Premièrement, ces cellules « mères », qui sont à la base du renouvellement naturel d’un tissu et de sa réparation suite à une blessure, sont particulièrement vulnérables à l’accumulation de mutations pouvant conduire au cancer, car on estime qu’en moyenne trois mutations se produisent chaque fois qu’une cellule souche humaine normale se divise. En conséquence, une forte proportion de cancers proviennent de ces cellules souches mutées (1).
Deuxièmement, on sait que les cellules souches perdent progressivement leur capacité à se diviser au cours du vieillissement, ce qui contribue à une diminution de l’efficacité fonctionnelle des organes du corps. Il est fort possible en revanche que cette usure des cellules souches les empêche de croître suffisamment pour former une masse critique nécessaire à l’apparition de tumeurs cliniquement détectables.
Cellules souches brisées
Pour mieux comprendre l’implication de ces cellules souches, une équipe de chercheurs a étudié un modèle murin génétiquement modifié d’adénocarcinome du poumon, un type courant de cancer du poumon qui représente environ 7 % de tous les décès par cancer dans le monde (2).
Ils ont observé que chez la souris âgée de 2 ans, ce qui équivaut à environ 70 ans chez l’homme, le vieillissement inhibe l’initiation et la progression du cancer du poumon en bloquant l’auto-renouvellement des cellules souches dans les alvéoles du poumon.
Ils ont découvert qu’à mesure que les souris vieillissent, elles produisent davantage d’une protéine appelée NUPR1, impliquée dans le métabolisme du fer. Les cellules vieillissantes fonctionnent alors comme si elles n’avaient pas assez de fer et perdent donc leur capacité à se régénérer.
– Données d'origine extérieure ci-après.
Lemma card_inner_incidences :
  apex_notin -> inner_incidence_inj -> #|inner_incidences| <= 'C(v, 2).
Proof.
move=> notin inj; rewrite -[v in 'C(v, _)]card_X_in_Y -cards_draws -[X in _ <= X]mul1n.
apply: (card_le_fibers (f := fun Ax => [set toY Ax.2; phi Ax.1])).
  move=> [A x]; rewrite !inE /= => /andP[/andP[blA xA] phiA_lt].
  rewrite subUset !sub1set !mem_X_in_Y val_toY ltn_ord phiA_lt cards2 /=.
  by rewrite (toY_neq_apex notin blA xA).
move=> B _; apply/card_le1_eqP => -[A x] [A' x'].
rewrite !inE /= => /andP[/andP[/andP[blA xA] phiA_lt] /eqP eqA].
move=> /andP[/andP[/andP[blA' xA'] phiA'_lt] /eqP eqA'].
have eqAA' := inj A A' x x' blA blA' xA xA' phiA_lt phiA'_lt (etrans eqA (esym eqA')).
subst A'; have neq_x' := toY_neq_apex notin blA xA'.
move: eqA'; rewrite -{}eqA => /(eq_set2 neq_x') [[/toY_inj -> //] | [eq_x' _]].
by rewrite eq_x' eqxx in neq_x'.
Qed.

Lemma card_outer_incidences : outer_load_le2 -> #|outer_incidences| <= 2 * (v * (n - v)).
Proof.
move=> load; have cardR : #|setX [set: 'I_v] (~: X_in_Y)| = v * (n - v).
  by rewrite cardsX cardsT card_ord cardsCs setCK card_ord card_X_in_Y.
rewrite -cardR; apply: (card_le_fibers (f := fun Ax => (Ax.2, phi Ax.1))).
  by move=> [A x]; rewrite !inE /= mem_X_in_Y -leqNgt => /andP[_].
move=> [x q]; rewrite !inE /= mem_X_in_Y -leqNgt => le_vq.
apply: leq_trans (load x q le_vq); apply: leq_trans (leq_imset_card (fun A => (A, x)) _).
apply/subset_leq_card/subsetP => -[A y]; rewrite !inE /= => /andP[/andP[/andP[blA yA] _]].
case/eqP => eq_yx phi_q; rewrite -eq_yx; apply: imset_f.
by rewrite inE blA yA phi_q eqxx.
Qed.

Lemma weak_nesting_wopt : weak_nesting phi -> wopt v <= n.
Proof.
case/weak_nestingP => notin inj load.
have split_inc : #|inner_incidences| + #|outer_incidences| = 2 * 'C(v, 2).
  rewrite -card_incidences -(cardsID [set Ax | val (phi Ax.1) < v] incidences).
  by congr (_ + _); apply: eq_card => Ax; rewrite !inE // -leqNgt andbC.
have inner_le := card_inner_incidences notin inj.
have outer_le := card_outer_incidences load.
have even : ~~ odd (v * v.-1) by case: v => //= k; rewrite oddM /= andNb.
have : v * v.-1 <= v * (4 * (n - v)).
  by rewrite mulnCA; move: split_inc inner_le; rewrite bin2; lia.
have [-> // | v_gt0] := posnP v; rewrite leq_pmul2l // /wopt; lia.
Qed.

End Nesting.

(** * A cyclic weak nesting *)

Ltac case_ifs :=
  repeat match goal with |- context [if ?b then _ else _] =>
    lazymatch b with context [if _ then _ else _] => fail | _ => case: (boolP b) => ? end end.

Section ModularSteps.
Variable m : nat.

Definition cadd x d := if x + d < m then x + d else x + d - m.
Definition cdist x y := if x <= y then y - x else y + m - x.

Lemma cadd_lt x d : x < m -> d < m -> cadd x d < m.
Proof. rewrite /cadd; case_ifs; lia. Qed.

Lemma caddK x d : x < m -> d < m -> cadd (cadd x d) (m - d) = x.
Proof. rewrite /cadd; case_ifs; lia. Qed.

Lemma cdist_cadd x d : x < m -> d < m -> cdist x (cadd x d) = d.
Proof. rewrite /cadd /cdist; case_ifs; lia. Qed.

Lemma cadd_cdist x y : x < m -> y < m -> cadd x (cdist x y) = y.
Proof. rewrite /cadd /cdist; case_ifs; lia. Qed.

Lemma cdist_caddr x d e : x < m -> d <= e < m -> cdist (cadd x d) (cadd x e) = e - d.
Proof. rewrite /cadd /cdist; case_ifs; lia. Qed.

Lemma cdistC x y : x < m -> y < m -> x != y -> cdist x y + cdist y x = m.
Proof. rewrite /cdist; case_ifs; lia. Qed.

Lemma cdist_gt0 x y : x < m -> y < m -> x != y -> 0 < cdist x y < m.
Proof. rewrite /cdist; case_ifs; lia. Qed.

End ModularSteps.

Section Cyclic.
Variable v : nat.
Hypothesis v_gt2 : 2 < v.

(* The points 0 .. cyc - 1 of 'I_v form Z_cyc; when v is even, the last point
   cyc plays oo.  Then cyc = 2 rad + 1 and shift_inf = s. *)
Definition cyc := if odd v then v else v.-1.
Definition rad := cyc./2.
Definition shift_inf := rad.+1./2.

Definition inner_diff d := odd (d + rad) && ~~ [&& ~~ odd v, ~~ odd rad & d == 1].
Definition apex_diff d := (rad.+1 + d)./2.
(* Numbers the distances d <= rad that are not inner_diff as 0, 1, 2, ... *)
Definition outer_index d := if ~~ odd v && ~~ odd rad then d./2 else d.-1./2.

Definition short_apex x d :=
  if inner_diff d then cadd cyc x (apex_diff d) else v + outer_index d.
Definition glue_in {F : Family J} (j : cob J) (x : F j) : glue F := quot_in (existT F j x).

Lemma glue_in_step {F : Family J} j k (u : chom j k) (x : F j) :
  glue_in k (fam_map F u x) = glue_in j x.
Proof. symmetry. apply quot_in_eq, rst_step. exists u. reflexivity. Qed.

Lemma glue_ind {F : Family J} (P : glue F -> Prop) :
  (forall j x, P (glue_in j x)) -> forall z, P z.
Proof. intros H. apply quot_ind. intros [j x]. apply H. Qed.

Lemma glue_in_inv {F : Family J} j k (x : F j) (y : F k) :
  glue_in j x = glue_in k y -> quot_equiv _ (glue_step F) (existT F j x) (existT F k y).
Proof. apply quot_in_inv. Qed.

Definition glue_rec {F : Family J} {Y : SET} (q : forall j, F j -> Y) : glue F -> Y :=
  quot_rec (fun t => q (projT1 t) (projT2 t)).

Lemma glue_rec_in {F : Family J} {Y : SET} (q : forall j, F j -> Y)
  (Hq : forall j k (u : chom j k) x, q k (fam_map F u x) = q j x) j x :
  glue_rec q (glue_in j x) = q j x.
Proof.
  apply quot_rec_in. intros [i a] [k b] [u Hu]; simpl in *. subst b. symmetry. apply Hq.
Qed.

Definition glue_map {F G : Family J} (h : FamMor F G) : glue F -> glue G :=
  glue_rec (fun j x => glue_in j (fm h j x)).

Lemma glue_map_in {F G : Family J} (h : FamMor F G) j x :
  glue_map h (glue_in j x) = glue_in j (fm h j x).
Proof.
  apply (glue_rec_in (fun j x => glue_in j (fm h j x))). intros i k u a.
  rewrite <- fm_nat. apply glue_in_step.
Qed.
End GluedFamilies.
Puisque cette capacité de régénération est directement liée à l’augmentation du cancer, les souris plus âgées développent par conséquent beaucoup moins de tumeurs que leurs homologues plus jeunes.
Fenêtre de prévention
Ces résultats impliquent donc que la forte augmentation de l’incidence des cancers chez les personnes âgées de 50 à 70 ans vient de l’évolution de lésions précancéreuses qui apparaissent chez des individus relativement jeunes, lorsque les cellules souches se divisent régulièrement et accumulent en même temps des mutations potentiellement cancérigènes.
D’ailleurs, plusieurs études d’autopsie réalisées chez des personnes jeunes (30-40 ans) ont systématiquement observé la présence de ces lésions précancéreuses dans plusieurs organes (sein, prostate, pancréas et poumon, entre autres). Lorsque les conditions qui règnent à l’intérieur de l’organisme sont permises à l’acquisition de mutations cancérigènes (tabagisme, surpoids, mauvaise alimentation, sédentarité), ces lésions peuvent alors évoluer quelques années plus tard vers un cancer cliniquement détectable.
C’est là que la prévention par le mode de vie joue son rôle important, en créant des conditions biochimiques défavorables au développement de ces microtumeurs dormantes.
Cette découverte signifie que la fenêtre optimale pour prévenir le cancer est le plus tôt possible, afin de priver les cellules souches d’un environnement qui accélère l’accumulation de mutations.
En prévenant ou en retardant le plus longtemps possible la formation de lésions précancéreuses, on laisse le temps jouer en notre faveur : une fois atteint un âge suffisamment avancé, le vieillissement des cellules souches agit comme un frein au développement du cancer et permet de passer les dernières années de sa vie sans avoir à affronter cette maladie.
Il n’y a donc pas que des inconvénients à la vieillesse !
(1) Tomasetti C et coll. Divisions de cellules souches, mutations somatiques, étiologie du cancer et prévention du cancer. Sciences 2017 ; 355 : 1330-1334.
(2) Zhuang X et coll. Le vieillissement limite la souche et la tumorigenèse en reprogrammant l’homéostasie du fer. Nature, publié le 4 décembre 2024.